**WORK TO COMPLETE:** Please repeat the lines below exactly. Begin with the line containing "Lemma Z24_subr (t" and go on through the line containing "Lemma sum_Z24E (W".

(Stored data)

(* Since a >= 0 and 2 sqrt 5 >= 4, (a * phi)_+ <= (a * psi)_+ for psi = 16/3 - 4 f_24,
   whose convolution is explicit:
     (a * psi)(t) = 2/9 sum a
                    - (a t + 4 a(t-1) + 2 a(t-4) + 2 a(t-9) + a(t-12) + 2 a(t-16)) / 3.
   For real u, v we have u_+^2 + v_+^2 <= 2 ((u - v)/2)^2 + 2 ((u + v)/2)_+^2.  With
   u = (a * psi)(t) and v = (a * psi)(t + 12) the half-difference is a mean of differences
   a s - a (s + 12), controlled by Cauchy-Schwarz, while the average only depends on
   b t = a t + a (t + 12) and equals M - g t - g (t + 15) with g >= 0 and M = 2/9 sum a.
   Grouping t along the 4-cycles of t |-> t + 15, then along the three cosets of
   3Z/24Z, reduces the bound sum (average)_+^2 <= sum b^2 to explicit polynomial
   inequalities in four and three real variables.  Finally
   sum b^2 + sum (a t - a (t + 12))^2 = 4 sum a^2. *)

Section PositivePart.
Variable R : realFieldType.
Implicit Types g s u v x y M G : R.

Definition pospart x := Num.max x 0.

Lemma pospartP x : (0 <= x /\ pospart x = x) \/ (x < 0 /\ pospart x = 0).
Proof.
by rewrite /pospart; case: (lerP 0 x) => hx; [left | right];
  rewrite ?maxEge ?hx // leNgt hx.
Qed.

Lemma pospart_sqr_le x y : x <= y -> pospart x ^+ 2 <= pospart y ^+ 2.
Proof.
by case: (pospartP x) => -[? ->]; case: (pospartP y) => -[? ->]; nra.
Qed.

Lemma pospart_sqr_pair u v :
  pospart u ^+ 2 + pospart v ^+ 2
  <= 2 * ((u - v) / 2) ^+ 2 + 2 * pospart ((u + v) / 2) ^+ 2.
Proof.
have := sqr_ge0 (u - v).
by case: (pospartP u) => -[? ->]; case: (pospartP v) => -[? ->];
  case: (pospartP ((u + v) / 2)) => -[? ->]; nra.
Qed.

Lemma sqr_mean3_le u v : ((u + 2 * v) / 3) ^+ 2 <= (u ^+ 2 + 2 * v ^+ 2) / 3.
Proof. by have := sqr_ge0 (u - v); nra. Qed.

Lemma sqr_add4_le (p q r s : R) :
  (p + q + r + s) ^+ 2 <= 4 * (p ^+ 2 + q ^+ 2 + r ^+ 2 + s ^+ 2).
Proof.
have := sqr_ge0 (p - q); have := sqr_ge0 (p - r); have := sqr_ge0 (p - s).
by have := sqr_ge0 (q - r); have := sqr_ge0 (q - s); have := sqr_ge0 (r - s); nra.
Qed.

Definition cycle_excess M G :=
  if 2 * M <= G then - (G ^+ 2) / 4
  else if M <= G then 3 * M ^+ 2 - 2 * M * G else (2 * M - G) ^+ 2.

Lemma cycle4_sqr_le g0 g1 g2 g3 M :
  0 <= g0 -> 0 <= g1 -> 0 <= g2 -> 0 <= g3 -> g2 <= g0 -> g3 <= g1 ->
  M <= g0 + g1 + g2 + g3 ->
  0 <= M - g0 - g1 -> 0 <= M - g1 - g2 -> 0 <= M - g2 - g3 -> 0 <= M - g3 - g0 ->
  (M - g0 - g1) ^+ 2 + (M - g1 - g2) ^+ 2 + (M - g2 - g3) ^+ 2 + (M - g3 - g0) ^+ 2 <=
  g0 ^+ 2 + g1 ^+ 2 + g2 ^+ 2 + g3 ^+ 2 + (3 * M ^+ 2 - 2 * M * (g0 + g1 + g2 + g3)).
Proof. by move=> *; have := sqr_ge0 (g2 - g3); nra. Qed.

Lemma pospart_cycle4_le g0 g1 g2 g3 M :
  0 <= g0 -> 0 <= g1 -> 0 <= g2 -> 0 <= g3 -> 0 <= M ->
  pospart (M - g0 - g1) ^+ 2 + pospart (M - g1 - g2) ^+ 2
    + pospart (M - g2 - g3) ^+ 2 + pospart (M - g3 - g0) ^+ 2
  <= g0 ^+ 2 + g1 ^+ 2 + g2 ^+ 2 + g3 ^+ 2 + cycle_excess M (g0 + g1 + g2 + g3).
Proof.
move=> h0 h1 h2 h3 hM; rewrite /cycle_excess.
have := sqr_ge0 (g0 - g1 + g2 - g3); have := sqr_ge0 (g0 + g1 - g2 - g3).
have := sqr_ge0 (g1 + g2 - g3 - g0).
case: (leP (2 * M)) => ?; [|case: (leP M) => ?];
case: (pospartP (M - g0 - g1)) => -[? ->]; case: (pospartP (M - g1 - g2)) => -[? ->];
case: (pospartP (M - g2 - g3)) => -[? ->]; case: (pospartP (M - g3 - g0)) => -[? ->];
try nra; move=> _ _ _;
try (first [ have := sqr_ge0 (M - g1 - g3); nra | have := sqr_ge0 (M - g0 - g2); nra
  | have := sqr_ge0 (g0 - g1); nra | have := sqr_ge0 (g1 - g2); nra
  | have := sqr_ge0 (g2 - g3); nra | have := sqr_ge0 (g3 - g0); nra]).
(* All four terms are positive: reflect the cycle so that g2 <= g0 and g3 <= g1. *)
have [hg02|hg02] := lerP g2 g0; have [hg13|hg13] := lerP g3 g1.
- by have := @cycle4_sqr_le g0 g1 g2 g3 M; lra.
- by have := @cycle4_sqr_le g0 g3 g2 g1 M; lra.
- by have := @cycle4_sqr_le g2 g1 g0 g3 M; lra.
- by have := @cycle4_sqr_le g2 g3 g0 g1 M; lra.
Qed.

Lemma cycle_excess3_le s0 s1 s2 :
  0 <= s0 -> 0 <= s1 -> 0 <= s2 ->
  cycle_excess (2 / 9 * (s0 + s1 + s2)) ((s0 + 2 * s2) / 3)
    + cycle_excess (2 / 9 * (s0 + s1 + s2)) ((s1 + 2 * s0) / 3)
    + cycle_excess (2 / 9 * (s0 + s1 + s2)) ((s2 + 2 * s1) / 3)
  <= ((s0 - s2) ^+ 2 + (s1 - s0) ^+ 2 + (s2 - s1) ^+ 2) / 18.
Proof.
move=> h0 h1 h2; rewrite /cycle_excess.
have := sqr_ge0 (s0 - s1); have := sqr_ge0 (s1 - s2); have := sqr_ge0 (s2 - s0).
by do 3! (case: ifP => [?|/negbT]; last rewrite -ltNge => ?;
  [|case: ifP => [?|/negbT]; last rewrite -ltNge => ?]); nra.
Qed.
End PositivePart.

Lemma sqrt_le_twice_sqrt (R : rcfType) (x y : R) :
  0 <= y -> x <= 4 * y -> Num.sqrt x <= 2 * Num.sqrt y.
Proof.
move=> y_ge0 le_xy; have -> : 2 * Num.sqrt y = Num.sqrt (4 * y).
  by rewrite sqrtrM ?ler0n // (_ : 4 = 2 ^+ 2) ?sqrtr_sqr ?ger0_norm // expr2 -natrM.
by rewrite ler_sqrt // mulr_ge0 ?ler0n.
Qed.

Lemma sum_shift (V : finZmodType) (W : nmodType) (F : V -> W) (k : V) :
  \sum_t F (t + k) = \sum_t F t.
Proof. by rewrite [RHS](reindex_inj (addIr k)). Qed.

Lemma Z24_addrr (t m n : 'Z_24) (k : nat) :
  nat_of_ord (m + n) = k -> t + m + n = t + k%:R.
Proof. by move=> h; rewrite -addrA -h natr_Zp. Qed.

Lemma Z24_subr (t m : 'Z_24) (k : nat) : nat_of_ord (- m) = k -> t - m = t + k%:R.
Proof. by move=> h; rewrite -h natr_Zp. Qed.

(* Rewrites every argument [a (t + m + n)] or [a (t - m)] with closed [m], [n]
   into [a t] or [a (t + k)] with a numeral [0 < k < 24]. *)
Ltac shift_norm a := repeat match goal with
  | |- context [ a (?t + ?m + ?n) ] =>
    let k := eval vm_compute in (nat_of_ord (m + n : 'Z_24)) in
    rewrite (@Z24_addrr t m n k erefl) ?mulr0n ?addr0
  | |- context [ a (?t - ?m) ] =>
    let k := eval vm_compute in (nat_of_ord (- m : 'Z_24)) in
    rewrite (@Z24_subr t m k erefl) ?mulr0n ?addr0
  end.

Lemma sum_Z24E (W : nmodType) (F : 'Z_24 -> W) : \sum_t F t =
  F 0%:R + F 1%:R + F 2%:R + F 3%:R + F 4%:R + F 5%:R + F 6%:R + F 7%:R
  + F 8%:R + F 9%:R + F 10%:R + F 11%:R + F 12%:R + F 13%:R + F 14%:R + F 15%:R
  + F 16%:R + F 17%:R + F 18%:R + F 19%:R + F 20%:R + F 21%:R + F 22%:R + F 23%:R.
Proof.
have -> : \sum_t F t = \sum_(0 <= i < 24) F i%:R.
  rewrite big_mkord; apply: eq_bigr => i _; congr F; apply: val_inj.
  by rewrite /= val_Zp_nat // modn_small.
by rewrite /index_iota /= !big_cons big_nil !addrA addr0.
Qed.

**FINISHED TASK:**
Lemma Z24_subr (t m : 'Z_24) (k : nat) : nat_of_ord (- m) = k -> t - m = t + k%:R.
Proof. by move=> h; rewrite -h natr_Zp. Qed.

(* Rewrites every argument [a (t + m + n)] or [a (t - m)] with closed [m], [n]
   into [a t] or [a (t + k)] with a numeral [0 < k < 24]. *)
Ltac shift_norm a := repeat match goal with
  | |- context [ a (?t + ?m + ?n) ] =>
    let k := eval vm_compute in (nat_of_ord (m + n : 'Z_24)) in
    rewrite (@Z24_addrr t m n k erefl) ?mulr0n ?addr0
  | |- context [ a (?t - ?m) ] =>
    let k := eval vm_compute in (nat_of_ord (- m : 'Z_24)) in
    rewrite (@Z24_subr t m k erefl) ?mulr0n ?addr0
  end.

Lemma sum_Z24E (W : nmodType) (F : 'Z_24 -> W) : \sum_t F t =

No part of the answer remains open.